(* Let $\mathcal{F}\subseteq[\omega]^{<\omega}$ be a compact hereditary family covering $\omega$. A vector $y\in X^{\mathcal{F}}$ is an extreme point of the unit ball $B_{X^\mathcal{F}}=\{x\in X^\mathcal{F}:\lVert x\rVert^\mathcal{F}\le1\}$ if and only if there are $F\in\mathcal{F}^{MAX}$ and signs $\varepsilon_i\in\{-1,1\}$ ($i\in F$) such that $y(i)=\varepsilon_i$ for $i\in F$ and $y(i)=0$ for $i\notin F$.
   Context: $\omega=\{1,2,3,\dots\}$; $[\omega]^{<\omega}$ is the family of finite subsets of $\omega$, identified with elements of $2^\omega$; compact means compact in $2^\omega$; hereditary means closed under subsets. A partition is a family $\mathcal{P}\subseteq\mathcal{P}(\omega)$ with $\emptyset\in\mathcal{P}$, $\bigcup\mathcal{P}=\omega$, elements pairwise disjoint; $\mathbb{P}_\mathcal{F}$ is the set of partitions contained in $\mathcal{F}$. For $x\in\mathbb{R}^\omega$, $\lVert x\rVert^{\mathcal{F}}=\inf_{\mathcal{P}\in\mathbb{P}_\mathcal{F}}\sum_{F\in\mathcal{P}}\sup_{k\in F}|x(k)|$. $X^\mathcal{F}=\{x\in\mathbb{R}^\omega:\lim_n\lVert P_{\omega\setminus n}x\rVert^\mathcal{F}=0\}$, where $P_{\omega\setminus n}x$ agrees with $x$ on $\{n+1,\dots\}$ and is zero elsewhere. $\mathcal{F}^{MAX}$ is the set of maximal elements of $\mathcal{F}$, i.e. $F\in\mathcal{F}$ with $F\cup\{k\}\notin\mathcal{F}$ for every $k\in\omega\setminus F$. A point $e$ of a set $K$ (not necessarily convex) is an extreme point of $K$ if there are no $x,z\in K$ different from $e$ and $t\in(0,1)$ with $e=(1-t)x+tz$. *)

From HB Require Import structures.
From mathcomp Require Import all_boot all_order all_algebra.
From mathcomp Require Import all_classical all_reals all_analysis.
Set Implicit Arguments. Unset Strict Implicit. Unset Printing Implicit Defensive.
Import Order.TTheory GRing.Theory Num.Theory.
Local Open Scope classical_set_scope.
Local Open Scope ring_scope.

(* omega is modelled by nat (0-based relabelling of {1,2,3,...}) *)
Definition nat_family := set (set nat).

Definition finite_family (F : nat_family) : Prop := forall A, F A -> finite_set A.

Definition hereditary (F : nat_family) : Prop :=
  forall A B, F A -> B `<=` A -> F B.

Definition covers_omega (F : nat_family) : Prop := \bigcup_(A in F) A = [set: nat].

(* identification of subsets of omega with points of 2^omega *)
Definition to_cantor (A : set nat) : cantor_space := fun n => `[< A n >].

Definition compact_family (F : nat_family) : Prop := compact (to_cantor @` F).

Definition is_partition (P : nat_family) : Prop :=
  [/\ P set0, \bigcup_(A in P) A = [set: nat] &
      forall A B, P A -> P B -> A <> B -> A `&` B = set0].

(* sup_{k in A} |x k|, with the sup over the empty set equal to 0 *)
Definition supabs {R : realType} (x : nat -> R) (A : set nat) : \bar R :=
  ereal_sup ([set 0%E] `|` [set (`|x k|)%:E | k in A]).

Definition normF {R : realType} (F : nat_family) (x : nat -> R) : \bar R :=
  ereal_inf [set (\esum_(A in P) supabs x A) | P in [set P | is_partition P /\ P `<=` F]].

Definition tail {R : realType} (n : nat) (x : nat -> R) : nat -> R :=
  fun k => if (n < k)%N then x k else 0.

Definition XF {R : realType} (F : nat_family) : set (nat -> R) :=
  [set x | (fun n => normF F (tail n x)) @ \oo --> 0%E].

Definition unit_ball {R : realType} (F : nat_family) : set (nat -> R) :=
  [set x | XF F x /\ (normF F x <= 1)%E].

◇ ◇ ◇ ◇

● Task statement:
Look through the entries above; copy each line where the string "Local" appears.

● Solution for this exercise:
Local Open Scope classical_set_scope.
Local Open Scope ring_scope.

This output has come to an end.